Наклон в сторону, рукоять подхваченного бидона гладкой деревяшкой тычется в ладонь, и я обхожу по дуге парочку посыльных очень уважаемого человека дружно разворачивающихся мне в след. Утюг провожает меня злым взглядом, а Длинный продолжает приветливо улыбаться. Опасный тип, совсем не обычный «баклан», умеет думать и сдерживать себя. Что есть совсем не хорошо для меня. Если у уважаемого человека такая «шестёрка», то уровень этого человека вовсе не незатейливый гоп-стоп и банальный «обнос» «хат» на ценные вещи, а что-то более серьёзное и намного денежное. А большие деньги — большие проблемы для маленьких мальчиков. Для меня, например. Итак, стоит мне с ним, уважаемым человеком, встречаться или нет? Так, неправильно поставлен вопрос, встречаться-то всё равно придётся — уважаемых людей надо уважать, а вот будет ли мне выгода от этой незапланированной встречи, вот в таком разрезе будем рассматривать эту нежданную головную боль. И что это ещё за излишне болтливый Шуруп взялся на мою стриженую голову? У кого язык за зубами себе места не нашел?
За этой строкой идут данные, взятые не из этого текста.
Section Expansion.
Variables (K : fieldType) (n : nat) (i : 'I_n -> nat).
Local Notation N := (expN i).
Local Notation RN := {mpoly K[N]}.
Implicit Types (j : 'I_n) (v : 'I_N) (d : 'X_{1..N}).

Lemma exp_prime_mprime j : same_ideal (exp_prime (K:=K) i j) (mprime [set v | inblock j v]).
Proof. by apply: gen_same => f; split => -[v bv ->]; exists v; rewrite ?inE in bv *. Qed.

Lemma monomial_exp_prime j : monomial (exp_prime (K:=K) i j).
Proof.
by apply: monomialP; eexists; apply: same_ideal_trans (exp_prime_mprime j) (mprime_mideal _).
Qed.

Lemma exp_primeX j d : exp_prime (K:=K) i j 'X_[d] <-> (0 < bsum d j)%N.
Proof.
rewrite (exp_prime_mprime j _) mprimeX; split.
  by case=> v; rewrite inE => bv dv; apply: leq_trans dv (bsum_ge _ bv).
by case/bsum_gt0 => v bv dv; exists v; rewrite ?inE.
Qed.

Lemma exp_prime_powX j k d : ideal_pow (exp_prime (K:=K) i j) k 'X_[d] <-> (k <= bsum d j)%N.
Proof.
elim: k d => [|k IH] d; first by split.
rewrite (ideal_powSX _ _ (monomial_exp_prime j)); split.
  case=> a [b [/IH Ha /exp_primeX Hb /bsum_mono /mnm_lepP /(_ j)]].
  by rewrite bsumD mnmDE; lia.
move=> H; have [v bv /mnm1_le le] := bsum_gt0 (leq_ltn_trans (leq0n k) H).
exists (d - U_(v))%MM, U_(v)%MM; split; last by rewrite submK // lepm_refl.
- by apply/IH; rewrite bsumB // mnmBE (bsumU_inblock bv) mnm1E eqxx; lia.
- by apply/exp_primeX; rewrite (bsumU_inblock bv) mnm1E eqxx.
Qed.

Lemma monomial_exp_fold (u : 'X_{1..n}) (l : seq 'I_n) : uniq l ->
  let J := foldr (@ideal_mul _) (fun _ : RN => True)
             [seq ideal_pow (exp_prime (K:=K) i j) (u j) | j <- l] in
  monomial J /\ forall d, J 'X_[d] <-> (forall j, j \in l -> (u j <= bsum d j)%N).
Proof.
elim: l => [|j l IH] /=; first by split; [exact: monomial_total | ].
case/andP => jl /IH [E HX]; split; first exact/monomial_mul/E/monomial_pow/monomial_exp_prime.
move=> d; rewrite ideal_mulX //; last exact/monomial_pow/monomial_exp_prime.
split.
  case=> a [b [/exp_prime_powX Ha /HX Hb /bsum_mono /mnm_lepP Hs]] j'; rewrite inE.
  by case/orP => [/eqP ->|/Hb]; move: (Hs j) (Hs j'); rewrite bsumD !mnmDE; lia.
move=> H; exists (mnm_inblock j d), (mnm_offblock j d); split.
- by apply/exp_prime_powX; rewrite bsum_inblock; apply: H; rewrite inE eqxx.
- apply/HX => j' j'l; rewrite bsum_offblock; first by apply: H; rewrite inE j'l orbT.
  by apply: contraNneq jl => <-.
- by rewrite mnm_inblock_offblock lepm_refl.
Qed.

Lemma monomial_exp_monideal u : monomial (exp_monideal (K:=K) i u).
Proof. exact: (monomial_exp_fold u (enum_uniq 'I_n)).1. Qed.

Lemma exp_monidealX u d : exp_monideal (K:=K) i u 'X_[d] <-> (u <= bsum d)%MM.
Proof.
rewrite /exp_monideal (monomial_exp_fold u (enum_uniq 'I_n)).2.
by split => [H|/mnm_lepP H j _ //]; apply/mnm_lepP => j; apply: H; rewrite mem_enum.
Qed.

Variable I : {mpoly K[n]} -> Prop.

Lemma monomial_expansion : monomial (expansion i I).
Proof. by apply: monomial_gen => u _; apply: monomial_exp_monideal. Qed.

Hypothesis EI : monomial I.

Lemma expansionX d : expansion i I 'X_[d] <-> I 'X_[bsum d].
Proof.
rewrite /expansion genX => [|u _]; last exact: monomial_exp_monideal.
split; first by case=> u [Iu _] /exp_monidealX; apply: monomial_up EI Iu.
by case/(mingen_ex EI) => u mu le; exists u => //; apply/exp_monidealX.
Qed.

Lemma expansion_powX m d : ideal_pow (expansion i I) m 'X_[d] <-> ideal_pow I m 'X_[bsum d].
Proof.
elim: m d => [|m IH] d //.
rewrite (ideal_powSX _ _ monomial_expansion) (ideal_powSX _ _ EI); split.
  case=> a [b [/IH Ha /expansionX Hb le]]; exists (bsum a), (bsum b); split => //.
  by rewrite -bsumD; apply: bsum_mono.
case=> a' [b' [Ha Hb le]].
have [a ad sa] := bsum_split (lepm_trans (lem_addr a' b') le).
exists a, (d - a)%MM; split; last by rewrite addmC submK // lepm_refl.
- by apply/IH; rewrite sa.
- apply/expansionX; apply: monomial_up EI Hb _; rewrite bsumB // sa.
  by apply/mnm_lepP => j; move/mnm_lepP: le => /(_ j); rewrite mnmBE mnmDE; lia.
Qed.

End Expansion.

Section ExpansionAss.
Variables (K : fieldType) (n : nat) (i : 'I_n -> nat).
Hypothesis ipos : forall j, (0 < i j)%N.
Local Notation N := (expN i).
Variables (J1 : {mpoly K[n]} -> Prop) (J2 : {mpoly K[N]} -> Prop).
Hypothesis J2X : forall d, J2 'X_[d] <-> J1 'X_[bsum d].

Lemma ass_set_expand A : ass_set J1 A -> ass_set J2 (expand_set i A).
Proof.
case=> a [Ja HA Hd]; have [c [sc _]] := bsum_lift ipos a.
exists c; split.
- by move/J2X; rewrite sc.
- move=> v; rewrite inE => /existsP [j /andP [jA bj]].
  by apply/J2X; rewrite bsumD sc (bsumU_inblock bj); apply: HA.
- move=> d Hdd /J2X; rewrite bsumD sc; apply: Hd => j jA; rewrite bsumE big1 // => v bv.
  by apply: Hdd; rewrite inE; apply/existsP; exists j; rewrite jA.
Qed.

Lemma ass_witness_inblock c B v : ass_witness J2 c B -> v \in B ->
  exists2 j, inblock j v & J1 'X_[bsum c + U_(j)].
Proof.
case=> Jc HB _ vB; have := HB v vB; rewrite J2X bsumD.
case: (boolP [exists j, inblock j v]) => [/existsP [j bj]|H].
  by rewrite (bsumU_inblock bj) => J; exists j.
rewrite bsumU_outside ?addm0; first by move/J2X.
by move=> j; apply: contra H => bj; apply/existsP; exists j.
Qed.

Lemma ass_set_expandV B : ass_set J2 B -> exists2 A, B = expand_set i A & ass_set J1 A.
Proof.
case=> c Hc; have inB := ass_witness_inblock Hc; case: Hc => Jc _ Hd.
pose A := [set j | [exists v in B, inblock j v]].
have BA : B = expand_set i A.
  apply/setP => v; rewrite inE; apply/idP/idP.
    move=> vB; have [j bj _] := inB v vB; apply/existsP; exists j.
    by rewrite bj andbT inE; apply/existsP; exists v; rewrite vB.
  case/existsP => j /andP []; rewrite inE => /existsP [v' /andP [v'B bv']] bv.
  apply: NNPP => /negP vB; have [j' bj' J'] := inB v' v'B.
  rewrite -(inblock_uniq bv' bj') in J'.
  apply: (Hd U_(v)%MM); last by apply/J2X; rewrite bsumD (bsumU_inblock bv).
  by move=> w wB; rewrite mnm1E; case: eqP => // e; rewrite e wB in vB.
exists A => //; exists (bsum c); split.
- by move/J2X.
- move=> j; rewrite inE => /existsP [v /andP [vB bv]].
  by have [j' bj'] := inB v vB; rewrite (inblock_uniq bv bj').
- move=> d Hdd J1d; have [e [se He]] := bsum_lift ipos d.
  apply: (Hd e); last by apply/J2X; rewrite bsumD se.
  move=> v; rewrite BA inE => /existsP [j /andP [jA bj]].
  by apply: He => j' bj'; rewrite -(inblock_uniq bj bj'); apply: Hdd.
Qed.

Lemma ass_set_expandP B : ass_set J2 B <-> exists2 A, B = expand_set i A & ass_set J1 A.
Proof. by split=> [|[A ->]]; [apply: ass_set_expandV | apply: ass_set_expand]. Qed.

End ExpansionAss.

Section Weighting.
Variables (K : fieldType) (n : nat) (w : 'I_n -> nat).
Hypothesis wpos : forall j, (0 < w j)%N.
Local Notation M := 'X_{1..n}.
Implicit Types (d c a b u q : M).

Definition wdiv d : M := [multinom (d j %/ w j)%N | j < n].

Lemma wmon_le u d : (wmon w u <= d)%MM = (u <= wdiv d)%MM.
Proof.
by apply/mnm_lepP/mnm_lepP => H j; move: (H j); rewrite !mnmE leq_divRL // mulnC.
Qed.

Lemma wmonK : cancel (wmon w) wdiv.
Proof. by move=> u; apply/mnmP => j; rewrite !mnmE mulKn. Qed.

Lemma wdivD_wmon c d : wdiv (c + wmon w d) = (wdiv c + d)%MM.
Proof. by apply/mnmP => j; rewrite !mnmDE !mnmE mulnC divnDMl. Qed.

Section WeightedIdeal.
Variable I : {mpoly K[n]} -> Prop.

Lemma weighted_mideal :
  same_ideal (weighted w I) (mideal (fun m => exists2 u, mingen I u & m = wmon w u)).
Proof.
apply: gen_same => f; split => [[u mu ->]|[m [u mu ->] ->]]; last by exists u.
by exists (wmon w u) => //; exists u.
Qed.

Lemma monomial_weighted : monomial (weighted w I).
Proof. by apply: monomialP; eexists; exact: weighted_mideal. Qed.

Hypothesis EI : monomial I.

Lemma weightedX d : weighted w I 'X_[d] <-> I 'X_[wdiv d].
Proof.
rewrite (weighted_mideal _) midealX; split.
  by case=> s [u [Iu _] ->]; rewrite wmon_le => le; apply: monomial_up EI Iu le.
case/(mingen_ex EI) => u mu le; exists (wmon w u); first by exists u.
by rewrite wmon_le.
Qed.

Lemma weighted_powX m d : ideal_pow (weighted w I) m 'X_[d] <-> ideal_pow I m 'X_[wdiv d].
Proof.
elim: m d => [|m IH] d; first by split.
rewrite (ideal_powSX _ _ monomial_weighted) (ideal_powSX _ _ EI); split.
  case=> a [b [/IH Ha /weightedX Hb /mnm_lepP le]]; exists (wdiv a), (wdiv b); split => //.
  apply/mnm_lepP => j; move: (le j); rewrite !mnmDE !mnmE => le'.
  by rewrite leq_divRL // mulnDl; apply: leq_trans le'; apply: leq_add; apply: leq_divM.
case=> a' [b' [Ha Hb /mnm_lepP le]]; exists (wmon w a'), (wmon w b'); split.
- by apply/IH; rewrite wmonK.
- by apply/weightedX; rewrite wmonK.
- apply/mnm_lepP => j; move: (le j); rewrite !mnmDE !mnmE.
  by rewrite leq_divRL // -mulnDr mulnC.
Qed.

End WeightedIdeal.

Variables J1 J2 : {mpoly K[n]} -> Prop.
Hypothesis E1 : monomial J1.
Hypothesis J2X : forall d, J2 'X_[d] <-> J1 'X_[wdiv d].

Lemma ass_set_wdiv A : ass_set J2 A -> ass_set J1 A.
Proof.
case=> c [Jc HA Hd]; exists (wdiv c); split.
- by move/J2X.
- move=> i /HA /J2X H; apply: monomial_up E1 H _.
  apply/mnm_lepP => j; rewrite !mnmDE mnm1E !mnmE.
  have wj := wpos j; have h := ltn_ceil (c j) wj.
  rewrite -ltnS ltn_divLR //; set q := (c j %/ w j)%N in h *.
  by case: (i == j) h => /= h; nia.
- move=> d Hdd J1d; apply: (Hd (wmon w d)); first by move=> i iA; rewrite mnmE Hdd // muln0.
  by apply/J2X; rewrite wdivD_wmon.
Qed.

(* The witness [c_j = w_j q_j + (w_j - 1) [j \in A]] has quotient [q_j], and multiplying
   by [x_j] raises that quotient exactly when [j \in A]. *)
Lemma ass_set_wmon A : ass_set J1 A -> ass_set J2 A.
Proof.
case=> q [Jq HA Hd].
pose c : M := [multinom (w j * q j + (if j \in A then (w j).-1 else 0))%N | j < n].
have small j : ((if j \in A then (w j).-1 else 0) %/ w j = 0)%N.
  by apply: divn_small; case: (j \in A); have := wpos j; lia.
have wdivc : wdiv c = q by apply/mnmP => j; rewrite !mnmE mulnC divnMDl // small addn0.
exists c; split.
- by move/J2X; rewrite wdivc.
- move=> i iA; apply/J2X; suff -> : wdiv (c + U_(i)) = (q + U_(i))%MM by apply: HA.
  apply/mnmP => j; rewrite !mnmDE mnm1E !mnmE -addnA mulnC divnMDl //.
  case: eqP => [<-|ne]; last by rewrite addn0 small.
  by rewrite iA addn1 prednK // divnn wpos.
- move=> d Hdd J2d.
  pose d' : M := [multinom if j \in A then 0%N else (d j %/ w j)%N | j < n].
  apply: (Hd d'); first by move=> i iA; rewrite mnmE iA.
  move/J2X: J2d; have -> // : wdiv (c + d) = (q + d')%MM.
  apply/mnmP => j; rewrite !mnmDE !mnmE -addnA mulnC divnMDl //.
  case: (boolP (j \in A)) => jA; last by rewrite ?addn0.
  by rewrite Hdd // addn0 divn_small //; have := wpos j; lia.
Qed.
Занятый обдумываньем данной проблемы я на автомате дошагал до магазина. Покрутился у деревянных витрин, вышел на улицу с булкой свежего хлеба, отстоял короткую очередь, вьющуюся до желтой бочки на колесах с молоком. Сунул тётке в белом колпаке и замызганном фартуке металлический блестящий рубль и, дождавшись сдачи, забрал свой бидон наполненный самым-самым натуральным молоком. Не удержавшись, я приподнял крышку и втянул запах белой вкусности. Хорошо! Вроде бы и время достаточное прошло, чтобы привыкнуть, а я всё никак не могу надышаться. М-да, всё-таки в этом замшелом прошлом есть и свои достоинства и одно из них — гора абсолютно натуральных продуктов! Прямо Монблан с Эверестом! Я помотал головой, зажмурившись от удовольствия, ткнул на место крышку. Эх, вот только у всех натуральных продуктов есть кроме достоинств и существенные недостатки — портятся они быстро. Не «сублиматы» и не обезвоженные «вакуумники», что могут храниться лет по двести без потери вкуса и качества. Но до моего дома молоко доживёт! А дома мама его вскипятит, намажет мне кусок батона с маком золотистым маслом, а я суну этот кусок в сахарницу и, увернувшись от лёгкого подзатыльника, с упоением хлебну горячего молока, запивая откушенный кусок белого, свежего и хрустящего хлебобулочного изделия. Я улыбнулся собственным мыслям и почти вприпрыжку направился к дому. Июнь, лето, жара, каникулы — что ещё мне для счастья надо? А встреча с уважаемым человеком будет только вечером и до вечера ещё целая вечность!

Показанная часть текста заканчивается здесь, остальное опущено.